More than $462 million in grant funding from the Department of Agriculture has been announced for a wide variety of new water and wastewater infrastructure projects in 44 states.
In making the funding announcement, Bette Brand, Rural Development Under Secretary for the Agriculture Department, said the newly-funded upgraded water and wastewater management facilities “will improve public health and drive economic development in our small towns and cities.”
The funding for just over 160 projects is more specifically coming through the Department’s Water and Waste Disposal Loan and Grant Program, with nearly $2 million out of that program going to the Walden Meadows Community Co-Op in Kirkland, Arizona to upgrade an aging water system and equipment.
Arizona is also seeing a total of $3.8 million in loans and grants for the Oak Creek Water Company Number 1 in Sedona, designed to replace and extend water lines, including new valves and hydrants.

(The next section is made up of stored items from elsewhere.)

(* Let $G$ be a finitely generated group and $\mathcal{P}$ a finite family of infinite subgroups with $\mathcal{P}\hookrightarrow_h G$. If $H\le G$ is $(G,\mathcal{P})$--quasiconvex and $H'$ is a finite-index subgroup of $H$, then $H'$ is also $(G,\mathcal{P})$--quasiconvex.
   Context: A graph is fine at $v$ if the angle metric on neighbours of $v$ ($\angle_v(x,y)$ = length of a shortest path from $x$ to $y$ avoiding $v$) is locally finite. A $(G,\mathcal{P})$--graph: a connected hyperbolic graph with a $G$-action having finitely many vertex orbits, vertex stabilizers finite or conjugates of members of $\mathcal{P}$ (each $P\in\mathcal{P}$ being the stabilizer of some vertex), finite edge stabilizers, fine at vertices with infinite stabilizer. $H$ is $(G,\mathcal{P})$--quasiconvex if some $(G,\mathcal{P})$--graph $K$ has a nonempty connected $H$-invariant quasi-isometrically embedded subgraph $L$ with finitely many $H$-orbits of vertices. $\mathcal{P}\hookrightarrow_h G$ means the existence of a $(G,\mathcal{P})$--graph (equivalently, hyperbolic embedding in the sense of Dahmani–Guirardel–Osin). *)

From Stdlib Require Import List Arith.
Import ListNotations.
Set Implicit Arguments.

Record Grp := {
  gcar :> Type;
  gmul : gcar -> gcar -> gcar;
  gone : gcar;
  ginv : gcar -> gcar;
  gmulA : forall x y z, gmul x (gmul y z) = gmul (gmul x y) z;
  gmul1l : forall x, gmul gone x = x;
  gmul1r : forall x, gmul x gone = x;
  gmulVl : forall x, gmul (ginv x) x = gone;
  gmulVr : forall x, gmul x (ginv x) = gone
}.

Definition finite_pred {T : Type} (P : T -> Prop) : Prop :=
  exists l : list T, forall x, P x -> In x l.

Definition subgroup (G : Grp) (H : G -> Prop) : Prop :=
  H (gone G) /\
  (forall x y, H x -> H y -> H (gmul G x y)) /\
  (forall x, H x -> H (ginv G x)).

Inductive generated (G : Grp) (S : list G) : G -> Prop :=
| gen_one : @generated G S (gone G)
| gen_gen : forall s, In s S -> @generated G S s
| gen_inv : forall x, @generated G S x -> @generated G S (ginv G x)
| gen_mul : forall x y, @generated G S x -> @generated G S y -> @generated G S (gmul G x y).

Definition finitely_generated (G : Grp) : Prop :=
  exists S : list G, forall x : G, @generated G S x.

(* H' has finite index in H (H' is assumed to be a subgroup of H):
   finitely many left cosets r H' (r in H) cover H. *)
Definition finite_index (G : Grp) (H' H : G -> Prop) : Prop :=
  exists l : list G, (forall r, In r l -> H r) /\
    forall h, H h -> exists r h', In r l /\ H' h' /\ h = gmul G r h'.

(* Walks: [walk E x p y] means x = v0, p = [v1;...;vn], vn = y, E v_i v_{i+1}.
   Its length (number of edges) is [length p]. *)
Inductive walk {V : Type} (E : V -> V -> Prop) : V -> list V -> V -> Prop :=
| walk_nil : forall x, walk E x nil x
| walk_cons : forall x y p z, E x y -> walk E y p z -> walk E x (y :: p) z.

Definition dist_le {V : Type} (E : V -> V -> Prop) (x y : V) (n : nat) : Prop :=
  exists p, walk E x p y /\ length p <= n.

Definition connected_graph {V : Type} (E : V -> V -> Prop) : Prop :=
  forall x y : V, exists p, walk E x p y.

Definition geodesic {V : Type} (E : V -> V -> Prop) (x : V) (p : list V) (y : V) : Prop :=
  walk E x p y /\ forall q, walk E x q y -> length p <= length q.

Definition hyperbolic_graph {V : Type} (E : V -> V -> Prop) : Prop :=
  exists delta : nat, forall x y z p q r,
    geodesic E x p y -> geodesic E y q z -> geodesic E z r x ->
    forall u, In u (x :: p) ->
      exists w, In w ((y :: q) ++ (z :: r)) /\ dist_le E u w delta.

(* Fineness at v: the angle metric on the neighbours of v
   (angle(x,y) = length of a shortest path from x to y avoiding v)
   is locally finite: every ball of finite radius is finite. *)
Definition avoid {V : Type} (E : V -> V -> Prop) (v : V) : V -> V -> Prop :=
  fun a b => E a b /\ a <> v /\ b <> v.

Definition fine_at {V : Type} (E : V -> V -> Prop) (v : V) : Prop :=
  forall x, E v x -> forall n : nat,
    finite_pred (fun y => E v y /\ dist_le (avoid E v) x y n).

Record GPgraph (G : Grp) (Ps : list (G -> Prop)) := {
  gV : Type;
  gadj : gV -> gV -> Prop;
  gadj_sym : forall x y, gadj x y -> gadj y x;
  gadj_irr : forall x, ~ gadj x x;
  gact : G -> gV -> gV;
  gact_one : forall v, gact (gone G) v = v;
  gact_mul : forall g h v, gact (gmul G g h) v = gact g (gact h v);
  gact_adj : forall g x y, gadj x y -> gadj (gact g x) (gact g y);
  g_connected : connected_graph gadj;
  g_hyperbolic : hyperbolic_graph gadj;
  g_fin_orbits : exists l : list gV, forall v, exists w g, In w l /\ v = gact g w;
  g_vstab : forall v,
      finite_pred (fun g => gact g v = v) \/
      exists (P : G -> Prop) (c : G), In P Ps /\
        forall g, gact g v = v <-> P (gmul G (ginv G c) (gmul G g c));
  g_P_stab : forall P, In P Ps -> exists v, forall g, gact g v = v <-> P g;
  g_estab : forall x y, gadj x y ->
      finite_pred (fun g => (gact g x = x /\ gact g y = y) \/
                            (gact g x = y /\ gact g y = x));
  g_fine : forall v, ~ finite_pred (fun g => gact g v = v) -> fine_at gadj v
}.

Definition hyp_embedded (G : Grp) (Ps : list (G -> Prop)) : Prop :=
  inhabited (GPgraph G Ps).

(* H is (G,P)-quasiconvex. A subgraph L of K is given by a vertex set LV and
   an edge set LE of edges of K with endpoints in LV. *)
Definition GP_quasiconvex (G : Grp) (Ps : list (G -> Prop)) (H : G -> Prop) : Prop :=
  exists (K : GPgraph G Ps) (LV : gV K -> Prop) (LE : gV K -> gV K -> Prop),
    (forall x y, LE x y -> gadj K x y /\ LV x /\ LV y) /\
    (forall x y, LE x y -> LE y x) /\
    (exists x, LV x) /\
    (forall x y, LV x -> LV y -> exists p, walk LE x p y) /\
    (forall h x, H h -> LV x -> LV (gact K h x)) /\
    (forall h x y, H h -> LE x y -> LE (gact K h x) (gact K h y)) /\
    (exists l : list (gV K), forall v, LV v ->
        exists w h, In w l /\ H h /\ v = gact K h w) /\
    (exists lam c : nat, forall x y, LV x -> LV y -> forall n,
        (dist_le (gadj K) x y n -> dist_le LE x y (lam * n + c)) /\
        (dist_le LE x y n -> dist_le (gadj K) x y (lam * n + c))).

Arguments subgroup G H : clear implicits.
Arguments finite_index G H' H : clear implicits.
Arguments finitely_generated G : clear implicits.

(** The (G,P)-graph K and the subgraph L that witness the quasiconvexity of H
    also witness that of H': every condition except finiteness of the orbits
    of vertices only gets weaker when passing to a subgroup.  If H is the union
    of finitely many right cosets H' r_1, ..., H' r_k, then each H-orbit H w of
    vertices of L is the union of the k orbits H' (r_i w), so L still has
    finitely many H'-orbits. *)

From Stdlib Require Import List.

Section GroupLemmas.

Variable G : Grp.

Lemma ginv_mul (a b : G) : ginv G (gmul G a b) = gmul G (ginv G b) (ginv G a).
Proof.
  assert (Hright : gmul G (gmul G a b) (gmul G (ginv G b) (ginv G a)) = gone G).
  { rewrite gmulA, <- (gmulA G a b), gmulVr, gmul1r, gmulVr. reflexivity. }
  rewrite <- (gmul1r G (ginv G (gmul G a b))), <- Hright.
  rewrite gmulA, gmulVl, gmul1l. reflexivity.
Qed.

Lemma ginv_inv (a : G) : ginv G (ginv G a) = a.
Proof.
  rewrite <- (gmul1r G (ginv G (ginv G a))), <- (gmulVl G a).
  rewrite gmulA, gmulVl. apply gmul1l.
Qed.

Lemma finite_index_right_cosets {H H' : G -> Prop} :
  subgroup G H -> subgroup G H' -> finite_index G H' H ->
  exists l : list G, forall h, H h ->
    exists h' r, In r l /\ H' h' /\ h = gmul G h' r.
Proof.
  intros [_ [_ H_inv]] [_ [_ H'_inv]] [lr [_ Hcover]].
  exists (map (ginv G) lr).
  intros h Hh.
  destruct (Hcover (ginv G h) (H_inv h Hh)) as (r & h' & Hr & Hh' & Hdecomp).
  exists (ginv G h'), (ginv G r).
  split; [apply in_map; exact Hr|].
  split; [apply H'_inv; exact Hh'|].
  rewrite <- ginv_mul, <- Hdecomp, ginv_inv. reflexivity.
Qed.

End GroupLemmas.

Definition finitely_many_orbits {G : Grp} {V : Type} (act : G -> V -> V)
    (H : G -> Prop) (X : V -> Prop) : Prop :=
  exists l : list V, forall v, X v -> exists w h, In w l /\ H h /\ v = act h w.

Lemma finitely_many_orbits_right_cosets {G : Grp} {V : Type}
    (act : G -> V -> V)
    (act_mul : forall g h v, act (gmul G g h) v = act g (act h v))
    (H H' : G -> Prop) (X : V -> Prop) :
  (exists l : list G, forall h, H h ->
     exists h' r, In r l /\ H' h' /\ h = gmul G h' r) ->
  finitely_many_orbits act H X -> finitely_many_orbits act H' X.
Proof.
  intros [lr Hcover] [l Horb].
  exists (flat_map (fun r => map (act r) l) lr).
  intros v Hv.
  destruct (Horb v Hv) as (w & h & Hw & Hh & ->).
  destruct (Hcover h Hh) as (h' & r & Hr & Hh' & ->).
  exists (act r w), h'.
  split; [apply in_flat_map; exists r; split; [exact Hr | apply in_map; exact Hw]|].
  split; [exact Hh' | apply act_mul].
Qed.

Lemma GP_quasiconvex_subgroup {G : Grp} {Ps : list (G -> Prop)}
    {H H' : G -> Prop} :
  (forall x, H' x -> H x) ->
  (forall (K : GPgraph G Ps) (X : gV K -> Prop),
     finitely_many_orbits (gact K) H X -> finitely_many_orbits (gact K) H' X) ->
  GP_quasiconvex G Ps H -> GP_quasiconvex G Ps H'.
Proof.
  intros Hsub Horbits
    (K & LV & LE & Hsubgraph & Hsym & Hne & Hconn & Hinv_V & Hinv_E & Horb & Hqi).
  exists K, LV, LE.
  do 4 (split; [assumption|]).
  split; [intros h x Hh; apply Hinv_V; auto|].
  split; [intros h x y Hh; apply Hinv_E; auto|].
  split; [exact (Horbits K LV Horb) | exact Hqi].
Qed.

Theorem proposition5p3 (G : Grp) (Ps : list (G -> Prop)) :
  finitely_generated G ->
  (forall P, In P Ps -> subgroup G P /\ ~ finite_pred P) ->
  hyp_embedded G Ps ->
  forall H H' : G -> Prop,
    subgroup G H -> GP_quasiconvex G Ps H ->
    subgroup G H' -> (forall x, H' x -> H x) -> finite_index G H' H ->
    GP_quasiconvex G Ps H'.
Proof.
  intros _ _ _ H H' HH HQC HH' Hsub Hindex.
  apply (GP_quasiconvex_subgroup Hsub); [|exact HQC].
  intros K X.
  apply (finitely_many_orbits_right_cosets (gact K) (gact_mul K)).
  exact (finite_index_right_cosets G HH HH' Hindex).
Qed.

In Grants, New Mexico, a combined nearly $4 million grant and loan will go for replacing wastewater lines throughout the city; with $461,000 in funding slated for the Alto De Las Flores Mutual Domestic Water Consumers Association to renovate a well, upgrade water lines, and build water line extensions in the town of San Miguel.

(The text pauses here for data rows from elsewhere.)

(* Let $n$ be an even positive integer that is not a power of $2$. Let $V=\{v\in\{-1,1\}^n : v_1=1\}$, $P(V)=\{\sum_{v\in W}v : W\subseteq V\}$, $g(V)=\frac12\sum_{v\in V}v$, $\mathbf{1}=(1,\dots,1)\in\mathbb{R}^n$, $M=2^{n-2}-\frac12\binom{n-1}{n/2}$, and $K_M=\{(x_1,\dots,x_n)\in\mathbb{R}^n : x_i\le M\ \forall i\}$. Then \[0\in P(V)-g(V)-\tfrac12\binom{n-1}{n/2}\mathbf{1}\subset K_M.\] *)

From HB Require Import structures.
From mathcomp Require Import all_boot all_order all_algebra.
From mathcomp Require Import reals.
Unset Printing Implicit Defensive.
Import Order.TTheory GRing.Theory Num.Theory.
Local Open Scope ring_scope.

Definition sign_vec (R : nzRingType) (n : nat) (s : {ffun 'I_n -> bool}) : 'rV[R]_n :=
  \row_i (if s i then 1 else -1).

(* Index set of V = { v in {-1,1}^n : v_1 = 1 } (v_1 is the coordinate of index 0). *)
Definition Vidx (n : nat) : {set {ffun 'I_n -> bool}} :=
  [set s : {ffun 'I_n -> bool} | [forall i : 'I_n, (nat_of_ord i == 0)%N ==> s i]].

Definition inV (R : nzRingType) (n : nat) (v : 'rV[R]_n) : Prop :=
  exists2 s, s \in Vidx n & v = sign_vec R n s.

(* P(V) = { sum_{v in W} v : W subset of V }.  Since sign_vec is injective,
   subsets of V correspond exactly to subsets of Vidx n. *)
Definition inPV (R : nzRingType) (n : nat) (x : 'rV[R]_n) : Prop :=
  exists2 W : {set {ffun 'I_n -> bool}}, W \subset Vidx n &
    x = \sum_(s in W) sign_vec R n s.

Two more New Mexico projects will see the Cottonwood Rural Water Association in Artesia securing a combined more than $4 million grant and loan for the upgrading of distribution lines and service meters, as well as the installation of new fire hydrants.
A final New Mexico project is getting a $1.2 million loan: the Village of Williamsburg, for expanding an existing wastewater delivery system.
The Water and Waste Disposal Loan and Grant Program is specifically designed to fund sewer, solid waste, and storm water collection projects, as well as drinking water sourcing, treatment, and distribution efforts, all in rural areas.
The funding targets areas and towns with populations of less than 10,000 people, including tribal land projects, also in rural areas.
Under Secretary Brand, in a statement, said that the funding of such projects is important “because we know that when rural America thrives, all of America thrives.”